(TASK PROMPT): Repeat word for word the opening stretch of the entries, from the first line through the line containing "have hdb : d = b.".

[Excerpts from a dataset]

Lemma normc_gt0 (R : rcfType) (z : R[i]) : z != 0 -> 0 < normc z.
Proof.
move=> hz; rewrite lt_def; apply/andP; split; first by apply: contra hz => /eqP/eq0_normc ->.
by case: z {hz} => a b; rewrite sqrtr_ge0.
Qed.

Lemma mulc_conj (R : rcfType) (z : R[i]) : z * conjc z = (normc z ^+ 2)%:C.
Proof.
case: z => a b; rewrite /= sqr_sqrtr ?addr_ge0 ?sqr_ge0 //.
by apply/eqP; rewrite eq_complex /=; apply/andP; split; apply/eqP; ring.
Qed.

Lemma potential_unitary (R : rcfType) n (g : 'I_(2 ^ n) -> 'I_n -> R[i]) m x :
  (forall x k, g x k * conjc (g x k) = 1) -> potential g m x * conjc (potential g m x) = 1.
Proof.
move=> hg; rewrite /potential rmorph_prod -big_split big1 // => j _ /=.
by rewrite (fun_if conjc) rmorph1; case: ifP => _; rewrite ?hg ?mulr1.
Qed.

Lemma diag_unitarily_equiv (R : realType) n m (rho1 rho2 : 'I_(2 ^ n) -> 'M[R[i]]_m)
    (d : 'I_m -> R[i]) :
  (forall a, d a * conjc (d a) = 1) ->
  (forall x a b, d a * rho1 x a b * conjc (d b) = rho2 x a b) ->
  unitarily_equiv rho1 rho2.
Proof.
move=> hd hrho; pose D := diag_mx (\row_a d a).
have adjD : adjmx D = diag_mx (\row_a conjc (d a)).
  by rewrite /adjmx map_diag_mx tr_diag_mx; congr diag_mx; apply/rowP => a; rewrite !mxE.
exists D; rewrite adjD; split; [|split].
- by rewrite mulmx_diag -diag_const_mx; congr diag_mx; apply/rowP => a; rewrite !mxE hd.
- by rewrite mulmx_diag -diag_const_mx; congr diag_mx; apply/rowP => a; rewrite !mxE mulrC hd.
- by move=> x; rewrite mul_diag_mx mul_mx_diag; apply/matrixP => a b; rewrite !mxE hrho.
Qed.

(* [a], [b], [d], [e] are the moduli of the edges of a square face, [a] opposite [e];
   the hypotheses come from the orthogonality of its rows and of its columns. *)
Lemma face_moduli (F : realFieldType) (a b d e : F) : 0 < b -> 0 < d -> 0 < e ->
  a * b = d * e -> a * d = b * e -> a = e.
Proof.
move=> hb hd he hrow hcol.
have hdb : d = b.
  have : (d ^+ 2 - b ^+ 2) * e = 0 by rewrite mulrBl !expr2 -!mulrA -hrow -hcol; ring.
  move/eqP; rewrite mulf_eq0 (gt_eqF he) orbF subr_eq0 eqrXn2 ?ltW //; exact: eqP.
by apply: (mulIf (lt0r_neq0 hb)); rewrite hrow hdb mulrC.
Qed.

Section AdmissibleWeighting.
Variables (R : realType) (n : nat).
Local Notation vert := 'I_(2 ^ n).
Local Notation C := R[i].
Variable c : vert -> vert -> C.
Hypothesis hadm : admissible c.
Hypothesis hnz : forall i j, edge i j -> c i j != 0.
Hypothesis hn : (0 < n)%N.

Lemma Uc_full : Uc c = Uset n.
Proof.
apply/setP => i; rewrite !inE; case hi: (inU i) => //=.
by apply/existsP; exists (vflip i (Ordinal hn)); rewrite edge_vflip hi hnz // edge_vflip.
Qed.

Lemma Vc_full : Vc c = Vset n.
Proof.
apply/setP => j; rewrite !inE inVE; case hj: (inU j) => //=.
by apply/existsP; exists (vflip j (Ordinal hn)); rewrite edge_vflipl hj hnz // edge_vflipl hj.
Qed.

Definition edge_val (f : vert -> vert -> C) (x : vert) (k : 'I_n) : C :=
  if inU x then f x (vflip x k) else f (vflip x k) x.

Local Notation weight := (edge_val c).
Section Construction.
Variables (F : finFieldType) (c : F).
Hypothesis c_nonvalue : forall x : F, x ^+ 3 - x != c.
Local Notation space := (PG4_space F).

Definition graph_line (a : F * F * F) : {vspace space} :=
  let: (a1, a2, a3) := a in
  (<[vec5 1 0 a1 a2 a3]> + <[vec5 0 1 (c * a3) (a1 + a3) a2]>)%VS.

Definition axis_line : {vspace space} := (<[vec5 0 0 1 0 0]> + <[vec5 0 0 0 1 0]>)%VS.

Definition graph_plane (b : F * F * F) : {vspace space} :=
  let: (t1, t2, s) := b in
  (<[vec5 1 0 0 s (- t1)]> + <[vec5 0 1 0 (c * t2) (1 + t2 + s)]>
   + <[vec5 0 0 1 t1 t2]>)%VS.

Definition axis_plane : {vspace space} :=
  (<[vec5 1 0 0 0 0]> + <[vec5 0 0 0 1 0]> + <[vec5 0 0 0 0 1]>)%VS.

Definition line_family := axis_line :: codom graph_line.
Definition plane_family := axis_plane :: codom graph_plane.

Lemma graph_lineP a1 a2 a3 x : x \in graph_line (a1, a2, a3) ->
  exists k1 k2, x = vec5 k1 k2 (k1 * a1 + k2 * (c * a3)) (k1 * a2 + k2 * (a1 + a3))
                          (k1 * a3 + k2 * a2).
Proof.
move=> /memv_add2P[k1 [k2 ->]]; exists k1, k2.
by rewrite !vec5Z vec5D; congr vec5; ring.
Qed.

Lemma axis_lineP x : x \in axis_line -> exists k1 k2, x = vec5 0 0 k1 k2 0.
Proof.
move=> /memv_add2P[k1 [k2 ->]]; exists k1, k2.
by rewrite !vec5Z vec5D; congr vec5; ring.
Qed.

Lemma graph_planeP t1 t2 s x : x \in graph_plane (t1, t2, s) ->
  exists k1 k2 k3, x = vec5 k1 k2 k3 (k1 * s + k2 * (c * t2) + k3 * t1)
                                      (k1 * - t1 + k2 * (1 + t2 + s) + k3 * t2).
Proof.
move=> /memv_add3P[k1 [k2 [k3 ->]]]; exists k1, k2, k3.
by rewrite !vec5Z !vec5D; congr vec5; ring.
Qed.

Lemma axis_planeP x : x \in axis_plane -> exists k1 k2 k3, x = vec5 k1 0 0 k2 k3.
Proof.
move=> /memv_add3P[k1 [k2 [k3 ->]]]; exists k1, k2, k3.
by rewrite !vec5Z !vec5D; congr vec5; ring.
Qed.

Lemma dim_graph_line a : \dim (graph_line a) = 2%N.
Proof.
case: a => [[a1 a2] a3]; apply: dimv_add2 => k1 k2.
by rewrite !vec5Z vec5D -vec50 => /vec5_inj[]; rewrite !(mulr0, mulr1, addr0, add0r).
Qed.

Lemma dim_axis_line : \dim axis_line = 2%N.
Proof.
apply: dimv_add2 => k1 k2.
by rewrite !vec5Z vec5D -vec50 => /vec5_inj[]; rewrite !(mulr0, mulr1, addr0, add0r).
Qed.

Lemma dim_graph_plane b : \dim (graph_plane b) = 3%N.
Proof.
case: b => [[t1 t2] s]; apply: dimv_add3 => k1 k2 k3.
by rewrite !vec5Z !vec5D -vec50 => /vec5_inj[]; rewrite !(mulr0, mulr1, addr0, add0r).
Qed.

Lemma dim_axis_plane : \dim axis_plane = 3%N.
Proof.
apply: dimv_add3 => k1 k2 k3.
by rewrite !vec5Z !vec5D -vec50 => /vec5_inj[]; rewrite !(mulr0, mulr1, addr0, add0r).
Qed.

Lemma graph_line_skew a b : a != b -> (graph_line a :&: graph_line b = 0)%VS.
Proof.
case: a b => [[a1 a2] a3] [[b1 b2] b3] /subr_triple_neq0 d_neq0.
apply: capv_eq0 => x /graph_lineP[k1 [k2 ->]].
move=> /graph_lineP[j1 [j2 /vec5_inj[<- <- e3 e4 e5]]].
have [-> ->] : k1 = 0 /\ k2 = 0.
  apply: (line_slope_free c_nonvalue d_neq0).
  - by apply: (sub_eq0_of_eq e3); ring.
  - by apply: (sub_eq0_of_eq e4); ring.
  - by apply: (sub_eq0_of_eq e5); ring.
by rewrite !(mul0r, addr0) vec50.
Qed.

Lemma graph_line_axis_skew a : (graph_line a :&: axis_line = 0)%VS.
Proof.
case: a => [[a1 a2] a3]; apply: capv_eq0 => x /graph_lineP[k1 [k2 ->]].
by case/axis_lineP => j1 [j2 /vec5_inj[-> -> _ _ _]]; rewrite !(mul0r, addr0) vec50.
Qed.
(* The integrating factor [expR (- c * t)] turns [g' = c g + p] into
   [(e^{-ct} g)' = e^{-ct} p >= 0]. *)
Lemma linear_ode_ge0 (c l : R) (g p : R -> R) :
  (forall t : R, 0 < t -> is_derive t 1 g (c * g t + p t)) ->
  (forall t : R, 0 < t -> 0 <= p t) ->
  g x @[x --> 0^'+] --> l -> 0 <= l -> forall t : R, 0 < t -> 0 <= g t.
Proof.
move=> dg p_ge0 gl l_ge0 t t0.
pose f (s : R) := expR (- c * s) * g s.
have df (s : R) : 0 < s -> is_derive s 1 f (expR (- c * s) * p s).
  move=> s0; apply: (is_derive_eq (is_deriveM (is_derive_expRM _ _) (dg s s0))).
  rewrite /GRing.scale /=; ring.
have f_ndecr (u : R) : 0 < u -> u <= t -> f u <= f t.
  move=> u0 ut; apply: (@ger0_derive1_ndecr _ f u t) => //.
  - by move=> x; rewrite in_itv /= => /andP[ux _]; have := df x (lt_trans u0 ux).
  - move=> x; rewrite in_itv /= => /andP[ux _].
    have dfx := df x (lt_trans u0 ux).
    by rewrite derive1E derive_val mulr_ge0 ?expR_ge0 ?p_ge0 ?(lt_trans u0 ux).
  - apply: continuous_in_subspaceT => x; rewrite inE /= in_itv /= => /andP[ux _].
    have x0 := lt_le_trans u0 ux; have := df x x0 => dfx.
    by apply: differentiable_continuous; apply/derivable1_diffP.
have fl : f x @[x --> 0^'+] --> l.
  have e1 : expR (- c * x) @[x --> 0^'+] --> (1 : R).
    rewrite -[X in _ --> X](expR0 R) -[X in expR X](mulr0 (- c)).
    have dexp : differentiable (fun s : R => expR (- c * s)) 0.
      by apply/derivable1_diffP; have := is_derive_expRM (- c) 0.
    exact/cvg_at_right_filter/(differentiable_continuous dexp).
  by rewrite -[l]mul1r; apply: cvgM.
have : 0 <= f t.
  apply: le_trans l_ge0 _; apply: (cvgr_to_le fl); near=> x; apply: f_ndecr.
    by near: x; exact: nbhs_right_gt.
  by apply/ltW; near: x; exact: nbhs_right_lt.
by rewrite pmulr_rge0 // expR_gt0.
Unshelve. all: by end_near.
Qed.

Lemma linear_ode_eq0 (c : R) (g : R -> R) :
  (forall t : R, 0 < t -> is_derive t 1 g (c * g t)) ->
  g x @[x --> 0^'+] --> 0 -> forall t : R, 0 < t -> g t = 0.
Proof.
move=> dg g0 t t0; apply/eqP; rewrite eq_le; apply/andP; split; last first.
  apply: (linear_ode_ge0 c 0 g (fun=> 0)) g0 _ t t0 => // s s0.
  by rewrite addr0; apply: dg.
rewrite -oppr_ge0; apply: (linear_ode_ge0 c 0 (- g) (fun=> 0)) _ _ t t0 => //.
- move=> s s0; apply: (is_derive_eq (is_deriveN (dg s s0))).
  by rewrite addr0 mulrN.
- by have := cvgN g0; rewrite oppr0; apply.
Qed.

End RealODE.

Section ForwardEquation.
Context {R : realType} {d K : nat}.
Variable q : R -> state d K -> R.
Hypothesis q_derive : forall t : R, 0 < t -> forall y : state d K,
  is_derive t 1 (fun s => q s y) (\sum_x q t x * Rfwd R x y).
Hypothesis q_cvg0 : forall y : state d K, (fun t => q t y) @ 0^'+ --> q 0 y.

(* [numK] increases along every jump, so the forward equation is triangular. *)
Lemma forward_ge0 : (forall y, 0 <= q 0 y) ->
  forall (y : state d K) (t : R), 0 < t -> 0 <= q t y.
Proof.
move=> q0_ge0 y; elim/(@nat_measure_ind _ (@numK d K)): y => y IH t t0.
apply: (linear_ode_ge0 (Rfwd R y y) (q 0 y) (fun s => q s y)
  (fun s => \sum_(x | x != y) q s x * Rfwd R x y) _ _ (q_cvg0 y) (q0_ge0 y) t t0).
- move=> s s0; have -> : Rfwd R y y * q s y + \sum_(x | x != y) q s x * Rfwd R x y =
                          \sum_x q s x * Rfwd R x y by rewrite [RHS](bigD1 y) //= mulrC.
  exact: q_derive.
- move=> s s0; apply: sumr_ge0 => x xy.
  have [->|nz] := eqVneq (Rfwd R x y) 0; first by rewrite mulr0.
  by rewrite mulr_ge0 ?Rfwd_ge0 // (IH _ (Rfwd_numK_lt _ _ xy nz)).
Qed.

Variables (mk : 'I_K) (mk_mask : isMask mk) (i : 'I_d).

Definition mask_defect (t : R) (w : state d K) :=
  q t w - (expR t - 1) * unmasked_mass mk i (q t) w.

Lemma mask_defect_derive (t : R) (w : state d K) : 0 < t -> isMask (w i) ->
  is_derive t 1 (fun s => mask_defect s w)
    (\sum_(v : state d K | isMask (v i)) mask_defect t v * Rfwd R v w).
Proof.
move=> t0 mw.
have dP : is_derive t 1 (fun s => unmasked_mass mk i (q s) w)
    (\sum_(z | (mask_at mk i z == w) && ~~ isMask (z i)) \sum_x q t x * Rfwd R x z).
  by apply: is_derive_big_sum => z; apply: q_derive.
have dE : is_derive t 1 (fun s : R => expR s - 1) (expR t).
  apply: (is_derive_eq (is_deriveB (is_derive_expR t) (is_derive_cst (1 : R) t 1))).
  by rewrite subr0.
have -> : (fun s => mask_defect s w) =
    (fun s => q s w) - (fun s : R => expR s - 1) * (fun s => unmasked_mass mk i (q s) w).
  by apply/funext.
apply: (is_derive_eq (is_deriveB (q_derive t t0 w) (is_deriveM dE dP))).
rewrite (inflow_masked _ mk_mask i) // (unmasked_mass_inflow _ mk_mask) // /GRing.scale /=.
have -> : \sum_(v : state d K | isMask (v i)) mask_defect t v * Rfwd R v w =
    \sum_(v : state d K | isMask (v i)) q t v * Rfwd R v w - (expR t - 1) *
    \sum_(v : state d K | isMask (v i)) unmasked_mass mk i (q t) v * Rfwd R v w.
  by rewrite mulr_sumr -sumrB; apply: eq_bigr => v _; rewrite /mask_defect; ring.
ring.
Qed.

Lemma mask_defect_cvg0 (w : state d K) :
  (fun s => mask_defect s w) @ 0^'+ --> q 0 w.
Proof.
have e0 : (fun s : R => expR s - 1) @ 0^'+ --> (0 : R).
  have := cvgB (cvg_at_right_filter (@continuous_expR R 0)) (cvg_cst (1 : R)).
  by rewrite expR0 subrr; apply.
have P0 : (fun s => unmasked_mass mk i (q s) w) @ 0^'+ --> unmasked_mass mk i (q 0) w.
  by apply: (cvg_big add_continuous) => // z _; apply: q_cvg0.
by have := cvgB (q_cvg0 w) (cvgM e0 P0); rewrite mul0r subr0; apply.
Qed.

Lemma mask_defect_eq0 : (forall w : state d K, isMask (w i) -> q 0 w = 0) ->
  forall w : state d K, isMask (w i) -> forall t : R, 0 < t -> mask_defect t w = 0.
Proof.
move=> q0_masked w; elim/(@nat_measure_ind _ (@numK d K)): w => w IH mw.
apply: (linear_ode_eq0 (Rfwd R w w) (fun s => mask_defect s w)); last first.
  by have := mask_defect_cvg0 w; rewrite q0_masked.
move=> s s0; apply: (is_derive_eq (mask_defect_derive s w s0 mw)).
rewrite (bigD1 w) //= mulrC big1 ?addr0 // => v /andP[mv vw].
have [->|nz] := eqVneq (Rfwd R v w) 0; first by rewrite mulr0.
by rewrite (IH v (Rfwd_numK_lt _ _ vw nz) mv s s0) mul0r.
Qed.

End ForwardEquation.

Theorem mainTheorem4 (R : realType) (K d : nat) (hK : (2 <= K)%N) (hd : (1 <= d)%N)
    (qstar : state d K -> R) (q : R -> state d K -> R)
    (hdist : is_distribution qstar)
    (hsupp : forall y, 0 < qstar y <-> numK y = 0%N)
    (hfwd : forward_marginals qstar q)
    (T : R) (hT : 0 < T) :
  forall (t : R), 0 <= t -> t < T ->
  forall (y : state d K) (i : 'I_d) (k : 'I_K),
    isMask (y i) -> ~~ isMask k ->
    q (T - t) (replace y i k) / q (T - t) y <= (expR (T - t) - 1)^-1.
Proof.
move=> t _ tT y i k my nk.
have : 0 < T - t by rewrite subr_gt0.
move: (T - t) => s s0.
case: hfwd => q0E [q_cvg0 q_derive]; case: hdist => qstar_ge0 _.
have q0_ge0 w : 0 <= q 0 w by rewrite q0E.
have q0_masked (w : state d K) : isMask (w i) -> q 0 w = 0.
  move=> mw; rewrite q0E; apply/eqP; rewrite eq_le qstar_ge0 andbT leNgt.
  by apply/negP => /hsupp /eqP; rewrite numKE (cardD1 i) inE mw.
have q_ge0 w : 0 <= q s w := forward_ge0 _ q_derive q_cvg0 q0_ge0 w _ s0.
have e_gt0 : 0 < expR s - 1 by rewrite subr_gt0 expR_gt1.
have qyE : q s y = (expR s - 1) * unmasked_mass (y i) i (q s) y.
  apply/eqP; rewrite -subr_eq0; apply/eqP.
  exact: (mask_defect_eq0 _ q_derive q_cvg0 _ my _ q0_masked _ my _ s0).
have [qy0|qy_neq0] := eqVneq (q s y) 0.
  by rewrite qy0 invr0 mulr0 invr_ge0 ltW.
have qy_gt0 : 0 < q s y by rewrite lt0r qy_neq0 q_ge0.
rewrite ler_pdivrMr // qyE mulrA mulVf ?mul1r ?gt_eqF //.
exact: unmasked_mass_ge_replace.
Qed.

(THE ANSWER):
Lemma normc_gt0 (R : rcfType) (z : R[i]) : z != 0 -> 0 < normc z.
Proof.
move=> hz; rewrite lt_def; apply/andP; split; first by apply: contra hz => /eqP/eq0_normc ->.
by case: z {hz} => a b; rewrite sqrtr_ge0.
Qed.

Lemma mulc_conj (R : rcfType) (z : R[i]) : z * conjc z = (normc z ^+ 2)%:C.
Proof.
case: z => a b; rewrite /= sqr_sqrtr ?addr_ge0 ?sqr_ge0 //.
by apply/eqP; rewrite eq_complex /=; apply/andP; split; apply/eqP; ring.
Qed.

Lemma potential_unitary (R : rcfType) n (g : 'I_(2 ^ n) -> 'I_n -> R[i]) m x :
  (forall x k, g x k * conjc (g x k) = 1) -> potential g m x * conjc (potential g m x) = 1.
Proof.
move=> hg; rewrite /potential rmorph_prod -big_split big1 // => j _ /=.
by rewrite (fun_if conjc) rmorph1; case: ifP => _; rewrite ?hg ?mulr1.
Qed.

Lemma diag_unitarily_equiv (R : realType) n m (rho1 rho2 : 'I_(2 ^ n) -> 'M[R[i]]_m)
    (d : 'I_m -> R[i]) :
  (forall a, d a * conjc (d a) = 1) ->
  (forall x a b, d a * rho1 x a b * conjc (d b) = rho2 x a b) ->
  unitarily_equiv rho1 rho2.
Proof.
move=> hd hrho; pose D := diag_mx (\row_a d a).
have adjD : adjmx D = diag_mx (\row_a conjc (d a)).
  by rewrite /adjmx map_diag_mx tr_diag_mx; congr diag_mx; apply/rowP => a; rewrite !mxE.
exists D; rewrite adjD; split; [|split].
- by rewrite mulmx_diag -diag_const_mx; congr diag_mx; apply/rowP => a; rewrite !mxE hd.
- by rewrite mulmx_diag -diag_const_mx; congr diag_mx; apply/rowP => a; rewrite !mxE mulrC hd.
- by move=> x; rewrite mul_diag_mx mul_mx_diag; apply/matrixP => a b; rewrite !mxE hrho.
Qed.

(* [a], [b], [d], [e] are the moduli of the edges of a square face, [a] opposite [e];
   the hypotheses come from the orthogonality of its rows and of its columns. *)
Lemma face_moduli (F : realFieldType) (a b d e : F) : 0 < b -> 0 < d -> 0 < e ->
  a * b = d * e -> a * d = b * e -> a = e.
Proof.
move=> hb hd he hrow hcol.
have hdb : d = b.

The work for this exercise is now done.